• Working data:
Lemma fine_LipV_ge0 (G : vec -> vec) : 0 <= fine (LipV G).
Proof.
have [d0|dp] := posnP d; last exact/fine_ge0/LipV_ge0.
rewrite /LipV; have -> : [set r | exists x y : vec, x != y /\
                          r = (l2 (G x - G y) / l2 (x - y))%:E] = set0.
  apply/seteqP; split => // r [x [y [xy _]]].
  by rewrite (vec_dim0 d0 x y) eqxx in xy.
by rewrite ereal_sup0.
Qed.

Lemma LipV_le_fine (G : vec -> vec) : (0 < d)%N -> (LipV G < +oo)%E ->
  (LipV G <= (fine (LipV G))%:E)%E.
Proof. by move=> dp GC; rewrite fineK // ge0_fin_numE ?LipV_ge0. Qed.

End Lipschitz.

Section ConvexAnalysis.
Context {R : realType} {d : nat}.
Local Notation vec := 'cV[R]_d.
Implicit Types u v w x y : vec.

Lemma subdiff_grad (f : vec -> R) y u : differentiable f y ->
  subdiff f y u -> u = grad f y.
Proof.
move=> df fu; set w := u - grad f y.
have uw_le : dot u w <= dot (grad f y) w.
  apply: dot_grad_ge => // t t0 t1.
  by have := fu (y + t *: w); rewrite [y + _]addrC addrK dotZr -lerBrDl.
apply/eqP; rewrite -subr_eq0; apply/eqP/dot_self_eq0/le_anti.
by rewrite dot_self_ge0 andbT dotBl subr_le0.
Qed.

Lemma grad_subdiff (nu : R -> R) (f : vec -> R) :
  (forall x, differentiable f x) -> grad_growth nu f ->
  forall y, subdiff f y (grad f y).
Proof.
by move=> df [fsub _] y; have [u fu] := fsub y; rewrite -(subdiff_grad (df y) fu).
Qed.

Lemma subdiff_convex (f : vec -> R) : (forall x, subdiff f x !=set0) ->
  forall x y (t : R), 0 <= t -> t <= 1 ->
  f (x + t *: (y - x)) <= (1 - t) * f x + t * f y.
Proof.
move=> fsub x y t t0 t1; set z := x + t *: (y - x).
have [u fu] := fsub z; have := fu x; have := fu y.
have -> : x - z = - t *: (y - x) by rewrite /z opprD addrA subrr add0r scaleNr.
have -> : y - z = (1 - t) *: (y - x) by rewrite /z scalerBl scale1r opprD addrA.
rewrite !dotZr; move: (f z) (f x) (f y) (dot u (y - x)) => a b c e hy hx.
have t1' : 0 <= 1 - t by rewrite subr_ge0.
have := ler_wpM2l t0 hy; have := ler_wpM2l t1' hx.
have : (1 - t) * (a + - t * e) + t * (a + (1 - t) * e) = a by ring.
lra.
Qed.

Lemma argmin_add_subdiff (F l : vec -> R) (k : R) h : 0 < k ->
  (forall x, subdiff F x !=set0) -> differentiable l h ->
  is_argmin (fun b => F b + k * l b) h -> subdiff F h (- k *: grad l h).
Proof.
move=> k0 Fsub dl hmin y; rewrite dotZl mulNr.
suff : (F h - F y) / k <= dot (grad l h) (y - h).
  by rewrite ler_pdivrMr // [_ * k]mulrC; lra.
apply: dot_grad_ge => // t t0 t1; rewrite mulrA ler_pdivrMr //.
have := subdiff_convex Fsub h y (ltW t0) t1; have /= := hmin (h + t *: (y - h)).
move: (F _) (l _) => Fz lz; lra.
Qed.

Lemma argmin_convex_optimality (L pi : vec -> R) (lam : R) m :
  0 <= lam -> convex_fun pi -> differentiable L m ->
  is_argmin (fun b => L b + lam * pi b) m ->
  forall y, 0 <= dot (grad L m) (y - m) + lam * (pi y - pi m).
Proof.
move=> lam0 cvx dL mmin y; rewrite -lerBlDr sub0r.
apply: dot_grad_ge => // t t0 t1.
have -> : m + t *: (y - m) = t *: y + (1 - t) *: m.
  by rewrite scalerBr scalerBl scale1r addrCA addrC.
have := ler_wpM2l lam0 (cvx y m t (ltW t0) t1); have /= := mmin (t *: y + (1 - t) *: m).
move: (pi _) (L _) => piz Lz; lra.
Qed.

Lemma quad_formBZ (a w : vec) (H : 'M[R]_d) (t : R) :
  dot (a - t *: w) (H *m (a - t *: w)) =
  dot a (H *m a) - t * dot a (H *m w) - t * dot w (H *m a) + t ^+ 2 * dot w (H *m w).
Proof.
rewrite mulmxBr !dotBl !dotBr -!scalemxAr !dotZl !dotZr.
by move: (dot a _) (dot a _) (dot w _) (dot w _) => q1 q2 q3 q4; rewrite expr2; ring.
Qed.

Lemma prox_optimality (H : 'M[R]_d) (G bh : vec) (pi : vec -> R) (lam : R) p :
  0 <= lam -> convex_fun pi ->
  is_argmin (fun b => 2^-1 * dot (bh - b) (H *m (bh - b)) + dot b G + lam * pi b) p ->
  forall y, 0 <= 2^-1 * (dot (p - bh) (H *m (y - p)) + dot (y - p) (H *m (p - bh)))
                 + dot (y - p) G + lam * (pi y - pi p).
Proof.
move=> lam0 cvx pmin y; set w := y - p.
apply: (@ge0_linear_coef _ _ (2^-1 * dot w (H *m w))) => t t0 t1.
have /= := pmin (p + t *: w).
have -> : bh - (p + t *: w) = (bh - p) - t *: w by rewrite opprD addrA.
rewrite quad_formBZ (dotDl p) dotZl.
have -> : p + t *: w = t *: y + (1 - t) *: p.
  by rewrite /w scalerBr scalerBl scale1r addrCA addrC.
have := ler_wpM2l lam0 (cvx y p t (ltW t0) t1).
have -> : dot (p - bh) (H *m w) = - dot (bh - p) (H *m w) by rewrite -dotNl opprB.
have -> : dot w (H *m (p - bh)) = - dot w (H *m (bh - p)).
  by rewrite -dotNr -mulmxN opprB.
lra.
Qed.

Lemma argmin_perturb_le (F l : vec -> R) (k c : R) h m : 0 < k ->
  differentiable l h -> grad_growth (fun r => c * r ^+ 2) F ->
  is_argmin (fun b => F b + k * l b) h -> is_argmin F m ->
  c * l2 (m - h) <= k * l2 (grad l h).
Proof.
move=> k0 dl [Fsub Fgrowth] hmin mmin.
have Fh := argmin_add_subdiff k0 Fsub dl hmin.
have Fm : subdiff F m 0 by move=> y; rewrite dot0l addr0.
have := Fgrowth m h _ _ Fh Fm; rewrite subr0 dotZr mulNr => growth.
apply: ler_of_sqr_le; [exact: l2_ge0 | by rewrite mulr_ge0 ?l2_ge0 // ltW |].
apply: le_trans growth _; rewrite -mulrN -dotNl opprB -mulrA ler_wpM2l ?(ltW k0) //.
by rewrite mulrC ler_dot.
Qed.

End ConvexAnalysis.

Section Taylor.
Context {R : realType} {d : nat}.
Local Notation vec := 'cV[R]_d.
Implicit Types u v w x y : vec.

Lemma taylor_LipV_grad (f : vec -> R) (Lp : R) x v :
  (forall y, differentiable f y) ->
  (forall x y, l2 (grad f x - grad f y) <= Lp * l2 (x - y)) ->
  `|f (x + v) - f x - dot (grad f x) v| <= Lp * l2 v ^+ 2 / 2.
Proof.
move=> df fLip.
have := @taylor1_remainder_le R (fun s => f (x + s *: v))
  (fun s => dot (grad f (x + s *: v)) v) (Lp * l2 v ^+ 2)
  (fun t => is_derive_line_grad (df _)).
rewrite /= scale1r scale0r addr0; apply=> t /andP[t0 _].
rewrite -dotBl; apply: le_trans (cauchy_schwarz _ _) _.
apply: le_trans (ler_wpM2r (l2_ge0 _) (fLip _ _)) _.
by rewrite [x + _]addrC addrK l2Z ger0_norm // expr2; lra.
Qed.

Lemma loss_increment_le (l : vec -> R) (Lp : R) h m p :
  (forall x, differentiable l x) ->
  (forall x y, l2 (grad l x - grad l y) <= Lp * l2 (x - y)) ->
  `|l p - l m| <= l2 (grad l h) * l2 (p - m) + Lp * l2 (m - h) * l2 (p - m)
                  + Lp * l2 (p - m) ^+ 2 / 2.
Proof.
move=> dl lLip.
have rem := taylor_LipV_grad m (p - m) dl lLip.
have mpm : m + (p - m) = p by rewrite addrC subrK.
rewrite mpm in rem.
have lin : `|dot (grad l m) (p - m)|
           <= l2 (grad l h) * l2 (p - m) + Lp * l2 (m - h) * l2 (p - m).
  rewrite -(subrK (grad l h) (grad l m)) dotDl addrC.
  apply: le_trans (ler_normD _ _) _; apply: lerD; first exact: cauchy_schwarz.
  by apply: le_trans (cauchy_schwarz _ _) _; rewrite ler_wpM2r ?l2_ge0 ?lLip.
rewrite -(subrK (dot (grad l m) (p - m)) (l p - l m)) addrC.
by apply: le_trans (ler_normD _ _) _; exact: lerD.
Qed.

End Taylor.

Section LipschitzHessian.
Context {R : realType} {d : nat}.
Local Notation vec := 'cV[R]_d.
Implicit Types u v w x y : vec.

Variables (L : vec -> R) (C : R).
Hypothesis dL : forall x, differentiable L x.
Hypothesis dG : forall x, differentiable (grad L) x.
Hypothesis C_ge0 : 0 <= C.
Hypothesis hessLip :
  forall x y v, l2 ((hess L x - hess L y) *m v) <= C * l2 (x - y) * l2 v.

Lemma taylor_hess_le x v w :
  `|dot (grad L (x + v) - grad L x - hess L x *m v) w| <= C / 2 * (l2 v ^+ 2 * l2 w).
Proof.
have hessD t : 0 <= t <= 1 ->
    `|dot (hess L (x + t *: v) *m v) w - dot (hess L (x + 0 *: v) *m v) w|
    <= C * (l2 v ^+ 2 * l2 w) * t.
  move=> /andP[t0 _]; rewrite scale0r addr0 -dotBl -mulmxBl.
  apply: le_trans (cauchy_schwarz _ _) _.
  apply: le_trans (ler_wpM2r (l2_ge0 _) (hessLip _ _ _)) _.
  by rewrite [x + _]addrC addrK l2Z ger0_norm // expr2; lra.
have := taylor1_remainder_le (fun t => is_derive_line_dot w (dG _)) hessD.
by rewrite /= scale1r scale0r addr0 -!dotBl mulrAC.
Qed.

Lemma mvt_line_difference (a b : vec) u (s : R) : 0 < s ->
  exists2 c, 0 < c < s &
    (L (a + s *: u) - L (b + s *: u)) - (L a - L b) =
    (dot (grad L (a + c *: u)) u - dot (grad L (b + c *: u)) u) * s.
Proof.
move=> s0.
have D (t : R) : is_derive t 1 ((fun r : R => L (a + r *: u)) - (fun r => L (b + r *: u)))
             (dot (grad L (a + t *: u)) u - dot (grad L (b + t *: u)) u).
  by apply: is_deriveB; exact: is_derive_line_grad.
have [c cs E] := MVT_open s0 D.
by exists c => //; rewrite subr0 in E; rewrite -E !fctE !scale0r !addr0.
Qed.

Lemma second_difference_le x u v (s : R) : 0 < s ->
  `|(L (x + s *: v + s *: u) - L (x + s *: u)) - (L (x + s *: v) - L x)
    - s ^+ 2 * dot (hess L x *m v) u|
  <= s ^+ 3 * (C / 2 * (l2 v ^+ 2 * l2 u) + C * (l2 u ^+ 2 * l2 v)).
Proof.
move=> s0; have [c /andP[c0 cs] ->] := mvt_line_difference (x + s *: v) x u s0.
have yx : l2 (x + c *: u - x) <= s * l2 u.
  by rewrite addrAC subrr add0r l2Z (ger0_norm (ltW c0)) ler_wpM2r ?l2_ge0 ?(ltW cs).
have -> : x + s *: v + c *: u = (x + c *: u) + s *: v by rewrite addrAC.
move: (x + c *: u) yx => y yx.
have rem := taylor_hess_le y (s *: v) u.
rewrite l2Z (ger0_norm (ltW s0)) !dotBl -scalemxAr dotZl in rem.
have lip : `|dot (hess L y *m v) u - dot (hess L x *m v) u|
           <= C * (s * l2 u) * l2 v * l2 u.
  rewrite -dotBl -mulmxBl; apply: le_trans (cauchy_schwarz _ _) _.
  rewrite ler_wpM2r ?l2_ge0 //; apply: le_trans (hessLip _ _ _) _.
  by rewrite ler_wpM2r ?l2_ge0 // ler_wpM2l.
apply: le_trans (ler_norm_mul_sub (ltW s0) rem lip) _.
by rewrite !expr2 exprS expr2; lra.
Qed.

Lemma hess_sym x u v : dot (hess L x *m v) u = dot (hess L x *m u) v.
Proof.
(* Both orders of the mixed second difference of [L] at [x] agree with
   [s ^+ 2] times the Hessian form up to [O (s ^+ 3)]. *)
apply/eqP; rewrite -subr_eq0; apply/eqP.
apply: (@eq0_small_bound _ _ (C / 2 * (l2 v ^+ 2 * l2 u) + C * (l2 u ^+ 2 * l2 v)
         + (C / 2 * (l2 u ^+ 2 * l2 v) + C * (l2 v ^+ 2 * l2 u)))) => s s0 _.
have swap := second_difference_le x v u s0.
have uv : x + s *: u + s *: v = x + s *: v + s *: u by rewrite addrAC.
rewrite uv in swap.
exact: ler_norm_swap_second_difference s0 (second_difference_le x u v s0) swap.
Qed.

Lemma hess_quad_ge (c : R) : grad_growth (fun r => c * r ^+ 2) L ->
  forall x v, c * l2 v ^+ 2 <= dot (hess L x *m v) v.
Proof.
move=> Lgrowth x v; rewrite -subr_le0.
apply: (@le0_small_bound _ _ (C / 2 * l2 v ^+ 3)) => t t0 _.
have Lsub := grad_subdiff dL Lgrowth.
have growth := Lgrowth.2 x (x + t *: v) _ _ (Lsub _) (Lsub _).
rewrite opprD addrA subrr add0r l2N l2Z (ger0_norm (ltW t0)) in growth.
have xtvx : x + t *: v - x = t *: v by rewrite addrC addKr.
rewrite xtvx dotZl dotC in growth.
have rem := ler_normlW (taylor_hess_le x (t *: v) v).
rewrite l2Z (ger0_norm (ltW t0)) -scalemxAr (dotBl (_ - _)) dotZl in rem.
rewrite -(ler_pM2l (exprn_gt0 2 t0)).
have := ler_wpM2l (ltW t0) rem.
rewrite !expr2 exprS expr2; lra.
Qed.

Lemma prox_newton_le (pi : vec -> R) (c lam : R) h m p :
  0 <= lam -> convex_fun pi -> grad_growth (fun r => c * r ^+ 2) L ->
  is_argmin (fun b => L b + lam * pi b) m ->
  is_argmin (fun b => 2^-1 * dot (h - b) (hess L h *m (h - b))
                      + dot b (grad L h) + lam * pi b) p ->
  2 * c * l2 (p - m) <= C * l2 (m - h) ^+ 2.
Proof.
move=> lam0 cvx Lgrowth mmin pmin.
have opt_p := prox_optimality lam0 cvx pmin m.
have opt_m := argmin_convex_optimality lam0 cvx (dL m) mmin p.
have := taylor_hess_le h (m - h) (m - p).
rewrite ler_norml => /andP[rem _].
have quad := hess_quad_ge Lgrowth h (m - p).
have hmh : h + (m - h) = m by rewrite addrC subrK.
rewrite hmh in rem.
have ph : p - h = (m - h) - (m - p) by rewrite opprB [RHS]addrC addrA subrK.
have sym_p : dot (p - h) (hess L h *m (m - p))
    = dot (m - p) (hess L h *m (m - h)) - dot (hess L h *m (m - p)) (m - p).
  rewrite ph dotBl (dotC (m - h)) hess_sym (dotC (hess L h *m (m - h))).
  by rewrite (dotC (m - p) (hess L h *m (m - p))).
have sym_p' : dot (m - p) (hess L h *m (p - h))
    = dot (m - p) (hess L h *m (m - h)) - dot (hess L h *m (m - p)) (m - p).
  by rewrite -sym_p dotC hess_sym dotC.
rewrite sym_p sym_p' in opt_p.
rewrite !dotBl (dotC (grad L h)) (dotC (hess L h *m (m - h))) in rem.
have pm : dot (grad L m) (p - m) = - dot (grad L m) (m - p) by rewrite -dotNr opprB.
rewrite pm in opt_m.
(* Summing the optimality conditions of [p] and [m] cancels the [lam * pi] terms,
   and the Taylor remainder of [grad L] between [h] and [m] bounds what is left. *)
have key : c * l2 (m - p) ^+ 2 <= C / 2 * (l2 (m - h) ^+ 2 * l2 (m - p)) by lra.
rewrite l2_distC; apply: ler_of_sqr_le; first exact: l2_ge0.
  by rewrite mulr_ge0 // exprn_ge0 // l2_ge0.
lra.
Qed.

End LipschitzHessian.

• Task prompt: Repeat the lines from the first one in the records through the line containing "(LipV G <= (fine (LipV G))%:E)%E.", exactly as written, and nothing else.

• Your solution:
Lemma fine_LipV_ge0 (G : vec -> vec) : 0 <= fine (LipV G).
Proof.
have [d0|dp] := posnP d; last exact/fine_ge0/LipV_ge0.
rewrite /LipV; have -> : [set r | exists x y : vec, x != y /\
                          r = (l2 (G x - G y) / l2 (x - y))%:E] = set0.
  apply/seteqP; split => // r [x [y [xy _]]].
  by rewrite (vec_dim0 d0 x y) eqxx in xy.
by rewrite ereal_sup0.
Qed.

Lemma LipV_le_fine (G : vec -> vec) : (0 < d)%N -> (LipV G < +oo)%E ->
  (LipV G <= (fine (LipV G))%:E)%E.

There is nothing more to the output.